* Assignment
The response must be made up of the lines in the entries below that contain "move".
_ _ _ _
Lemma sqr_relu_ramp h K u : 0 <= h -> u <= K%:R * h ->
  0 <= relu u ^+ 2 - 2 * h * \sum_(k < K) relu (u - k.+1%:R * h)
    <= K%:R * h ^+ 2.
Proof.
move=> h_ge0; elim: K u => [|K IH] u uKh.
  rewrite big_ord0 relu_eq0; last by rewrite mul0r in uKh.
  by rewrite expr0n mulr0 subrr mul0r lexx.
rewrite big_ord_recl /=.
have shift (k : 'I_K) : u - (bump 0 k).+1%:R * h = u - h - k.+1%:R * h.
  by rewrite /bump leq0n add1n -natr1; ring.
under eq_bigr do rewrite shift.
rewrite mul1r; rewrite -natr1 in uKh *.
have := IH (u - h) ltac:(lra); have := sqr_relu_step u h_ge0.
lra.
Qed.

Lemma ramp_sum_eq0 h K u : 0 <= h -> u <= 0 ->
  \sum_(k < K) relu (u - k.+1%:R * h) = 0.
Proof.
move=> h_ge0 u_le0; apply: big1 => k _; apply: relu_eq0.
have : 0 <= k.+1%:R * h by rewrite mulr_ge0.
lra.
Qed.
End Relu.

Section Fsquare.
Variable R : realType.
Implicit Types (s t : R) (K : nat).

Lemma fsquare_ramp s K t : fsquare s K t =
  2 * (s / K%:R) * \sum_(k < K)
    (relu (t - k.+1%:R * (s / K%:R)) + relu (- t - k.+1%:R * (s / K%:R))).
Proof.
rewrite /fsquare; congr (_ * _); first by rewrite mulrA.
by apply: eq_bigr => k _; rewrite [_ * k.+1%:R]mulrC -mulrA.
Qed.

Lemma fsquareN s K t : fsquare s K (- t) = fsquare s K t.
Proof.
by rewrite /fsquare opprK; congr (_ * _); apply: eq_bigr => k _; rewrite addrC.
Qed.

Lemma fsquare_err s K t : (0 < K)%N -> 0 <= s -> `|t| <= s ->
  0 <= t ^+ 2 - fsquare s K t <= s ^+ 2 / K%:R.
Proof.
move=> K_gt0 s_ge0; wlog t_ge0 : t / 0 <= t => [hwlog|].
  have [|t_lt0] := lerP 0 t; first exact: hwlog.
  by rewrite -sqrrN -fsquareN -normrN; apply: hwlog; lra.
rewrite ger0_norm // => t_le_s.
have K_pos : 0 < K%:R :> R by rewrite ltr0n.
have h_ge0 : 0 <= s / K%:R by rewrite divr_ge0 // ltW.
have Kh : K%:R * (s / K%:R) = s by rewrite mulrC divfK // gt_eqF.
have Nt_le0 : - t <= 0 by lra.
rewrite fsquare_ramp big_split /= (ramp_sum_eq0 K h_ge0 Nt_le0) addr0.
have t_le_Kh : t <= K%:R * (s / K%:R) by rewrite Kh.
have -> : s ^+ 2 / K%:R = K%:R * (s / K%:R) ^+ 2 by field; rewrite gt_eqF.
by have := sqr_relu_ramp h_ge0 t_le_Kh; rewrite relu_id.
Qed.
End Fsquare.

Lemma sqr_le_sum_sqr (R : realType) (I : finType) (F : I -> R) (i : I) :
  F i ^+ 2 <= \sum_j F j ^+ 2.
Proof. by rewrite (bigD1 i) //= lerDl sumr_ge0 // => j _; exact: sqr_ge0. Qed.

Lemma sqrt2_sqr (R : realType) : Num.sqrt (2 : R) ^+ 2 = 2.
Proof. by rewrite sqr_sqrtr. Qed.

Lemma sqrt2_le (R : realType) : Num.sqrt (2 : R) <= 3 / 2.
Proof. by have := sqrt2_sqr R; have := sqrtr_ge0 (2 : R); nra. Qed.

Lemma finner_inner12_err (R : realType) (d K : nat) (x : 'I_(d + d) -> R) :
  (0 < K)%N -> in_Xd x -> `|finner K x - inner12 x| <= 2 * d%:R / K%:R.
Proof.
move=> K_gt0 [x1_unit x2_unit].
set s := Num.sqrt (2 : R); have s2 := sqrt2_sqr R; rewrite -/s in s2.
have s_gt0 : 0 < s by rewrite sqrtr_gt0.
pose t i := (x1 x i + x2 x i) / s.
have sum_t2 : \sum_i t i ^+ 2 = 1 + inner12 x.
  transitivity
    ((\sum_i x1 x i ^+ 2) / 2 + inner12 x + (\sum_i x2 x i ^+ 2) / 2).
    rewrite /inner12 !mulr_suml -!big_split /=; apply: eq_bigr => i _.
    by rewrite /t expr_div_n s2; field.
  by rewrite x1_unit x2_unit; field.
have t_le_s i : `|t i| <= s.
  rewrite -sqrtr_sqr ler_wsqrtr // /t expr_div_n s2 ler_pdivrMr //.
  have := sqr_le_sum_sqr (x1 x) i; have := sqr_le_sum_sqr (x2 x) i.
  rewrite x1_unit x2_unit; have := sqr_ge0 (x1 x i - x2 x i); nra.
have err i := fsquare_err K_gt0 (ltW s_gt0) (t_le_s i).
have -> : finner K x - inner12 x = - \sum_i (t i ^+ 2 - fsquare s K (t i)).
  by rewrite /finner sumrB sum_t2; ring.
rewrite normrN ger0_norm; last by apply: sumr_ge0 => i _; case/andP: (err i).
apply: le_trans (ler_sum _ (fun i _ => proj2 (andP (err i)))) _.
by rewrite sumr_const card_ord s2 -[_ *+ d]mulr_natr mulrAC.
Qed.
_ _ _ _
* Problem solution
move=> h_ge0; elim: K u => [|K IH] u uKh.
move=> h_ge0 u_le0; apply: big1 => k _; apply: relu_eq0.
move=> K_gt0 s_ge0; wlog t_ge0 : t / 0 <= t => [hwlog|].
move=> K_gt0 [x1_unit x2_unit].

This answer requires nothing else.